One way to incorporate this into the model is to change the rate of oil/gas production, r, so that it increases as time goes on. To do this, we make a simple equation that says r = 0.0005 x TIME, so then when TIME is 10 years, r will be 0.005 and when TIME is 100 years, r will be 0.05. Other than this change, the model is the same as in experiment 1. The value 0.0005 is called tech rate in the model, and we’ll see what happens if we change it.
Let’s see how this change affects the history of oil/gas production. Click this link to run the model [5] and then answer the following questions on your worksheet or on a sheet of paper to be submitted to a Canvas Assessment later. As you can see, the production of oil peaks in this case. It rises because r is increasing, but as r increases, the Proven Reserves is decreasing and eventually a point is reached where the product of these two numbers (the production) starts to decline.
| - | Practice | Graded |
|---|---|---|
| Tech Rate | 0.0002 | 0.0004 |
Questions
2A. When does the production reach its maximum (peak) value?
2B. What is the magnitude of the peak in production?
3. Including Price in the Production Flow
In addition to technology, economics also plays a role in the production of oil/gas, in the sense that higher prices will motivate greater production. Let’s assume that the as the supply of proven reserves drops, the price will rise. As long as there is a demand for oil and gas, as it becomes more scarce, it will become more valuable. This is a pretty simplistic view of what determines the price of oil and gas — reality is much more complex, which is why prices fluctuate quite a bit over time. But it is hard to escape the basic reality that as a desirable commodity becomes scarce, its value goes up.
To make this change in the model, we need to add something that will calculate the price. This new model looks like this:
As before, production is defined as Proven Reserves x r, and r in this case is defined as price x tech_slope x TIME, so it once again has the increase over time that our previous model had, but it also increases as the price goes up. The tech_slope is just the slope of the increase in technology over time and the default value is 0.0002. Price here is defined as 0.01 + price_slope x (100 – Proven Reserves); price_slope is the slope of price increase relative to change in Proven Reserves, and is originally set to 0.05. At the beginning, Proven Reserves is 100, so this gives a price of 0.01 — very small. But, when Proven Reserves has declined to 50, we get a price of 2.51. This equation is not meant to be anything more than a way to make the price increase as the Proven Reserves get smaller. The value 0.01 at the front end of this equation is just there so that the price is not 0 at the beginning, which would then make r be 0 and no oil would ever get produced.
What we have created here is a system with a feedback mechanism.

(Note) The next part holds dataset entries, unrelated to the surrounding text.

(* Let $d\ge2$, $\xi>0$, let $\sigma:\xi\mathbb{Z}^d\to\mathbb{R}$ be a generalized mass configuration and let $R_1>0$ be such that $\operatorname{supp}\sigma\subset\hat B_{R_1}$. Then for every $R_2>R_1+\xi$, $$\operatorname{GDS}_{R_2}(\operatorname{GDS}_{R_1}(\sigma))=\operatorname{GDS}_{R_2}(\sigma).$$
   Context: A generalized mass configuration on $\xi\mathbb{Z}^d$ is a bounded function with finite support. $\hat B_R:=B(0,R)\cap\xi\mathbb{Z}^d$. Neighbours $y'\sim y$ are lattice points at distance $\xi$; $\Delta f(y)=\frac{1}{2d\xi^2}\sum_{y'\sim y}(f(y')-f(y))$; toppling at $x$ is $T_x\eta(y):=\eta(y)+\eta_+(x)\xi^2\Delta\delta_x(y)$ (if $\eta(x)>0$, remove the mass $\eta(x)$ from $x$ and add $\eta(x)/(2d)$ to each neighbour; otherwise do nothing). For a generalized mass configuration $\tau$ with $\operatorname{supp}\tau\subset\hat B_R$, $\operatorname{GDS}_R(\tau)$ is the pointwise limit of the configurations obtained from $\tau$ by successively toppling at the points of a sequence in $\hat B_R$ in which every point of $\hat B_R$ occurs infinitely often; this limit exists, does not depend on the sequence, is supported in $\hat B_R\cup\partial\hat B_R$ (where $\partial S=\{y\notin S:\exists y'\in S,\ y\sim y'\}$), and equals $-\Delta v$ where $v(x)=\sup\{f(x):\Delta f\ge0\text{ in }\hat B_R,\ f\le U^\tau\text{ in }\xi\mathbb{Z}^d\}$, $U^\tau$ being the discrete potential of $\tau$ (satisfying $-\Delta U^\tau=\tau$). *)

From HB Require Import structures.
From mathcomp Require Import all_boot all_order all_algebra.
From mathcomp Require Import all_classical all_reals all_analysis.
Set Implicit Arguments. Unset Strict Implicit. Unset Printing Implicit Defensive.
Import Order.TTheory GRing.Theory Num.Theory.
Import numFieldNormedType.Exports.
Local Open Scope ring_scope.
Local Open Scope classical_set_scope.

(* The lattice xi Z^d is parametrised by Z^d: the integer vector k stands for
   the lattice point xi * k. *)
Definition pt (d : nat) := 'rV[int]_d.

Definition evec (d : nat) (i : 'I_d) : pt d := delta_mx 0 i.

(* (squared) Euclidean norm of the lattice point xi*k is xi^2 * sum k_i^2 *)
Definition sqnorm (R : realType) (d : nat) (k : pt d) : R :=
  \sum_(i < d) ((k 0 i)%:~R) ^+ 2.

Definition inBall (R : realType) (d : nat) (xi Rad : R) (k : pt d) : Prop :=
  xi ^+ 2 * sqnorm R k < Rad ^+ 2.

Definition dlap (R : realType) (d : nat) (xi : R) (f : pt d -> R) (y : pt d) : R :=
  (2 * d%:R * xi ^+ 2)^-1 *
  \sum_(i < d) ((f (y + evec i) - f y) + (f (y - evec i) - f y)).

Definition dirac (R : realType) (d : nat) (x : pt d) : pt d -> R :=
  fun y => if y == x then 1 else 0.

Definition topple (R : realType) (d : nat) (xi : R) (x : pt d) (eta : pt d -> R)
  : pt d -> R :=
  fun y => eta y + Num.max (eta x) 0 * (xi ^+ 2 * dlap xi (dirac R x) y).

Fixpoint topple_seq (R : realType) (d : nat) (xi : R) (s : nat -> pt d)
  (tau : pt d -> R) (n : nat) : pt d -> R :=
  match n with
  | 0 => tau
  | n.+1 => topple xi (s n) (topple_seq xi s tau n)
  end.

Here is how it works:
If the production increases, then the proven reserves must decrease; this triggers an increase in price, which in turns triggers an increase in production. Notice that the starting point (production increase) and the ending point (production increase) are the same. In other words, the change at the beginning of the mechanism promotes more of the same — this is what is known as a positive feedback mechanism. Positive feedback mechanisms tend to cause an acceleration of change, sometimes resulting in runaway behavior. In contrast, the are other feedback mechanisms that tend to counteract change, encouraging stability; these are known as negative feedback mechanisms. Note that in this context, positive is not necessarily good, and negative is not necessarily bad.
Take a few minutes to watch the video below to learn more about the positive feedback mechanism the oil production model before running the next model.
Video: Peak Oil Positive Feedback (1:19)
NARRATOR: This simple diagram is meant to represent the positive feedback mechanism that we've put into the model. So if you imagine that we begin with a production increase. That's the initial change. Let's say something happens and we increase production. That is going to cause the proven reserves to decrease, right, because production drains that reservoir. So as that goes down, the commodity becomes more scarce and because of that, the price goes up. So that's another effect here that's triggered by the production increase. And as the price is increased, that will then encourage us to do even more to try to produce more of the oil that's out there. It's an incentive to produce more oil.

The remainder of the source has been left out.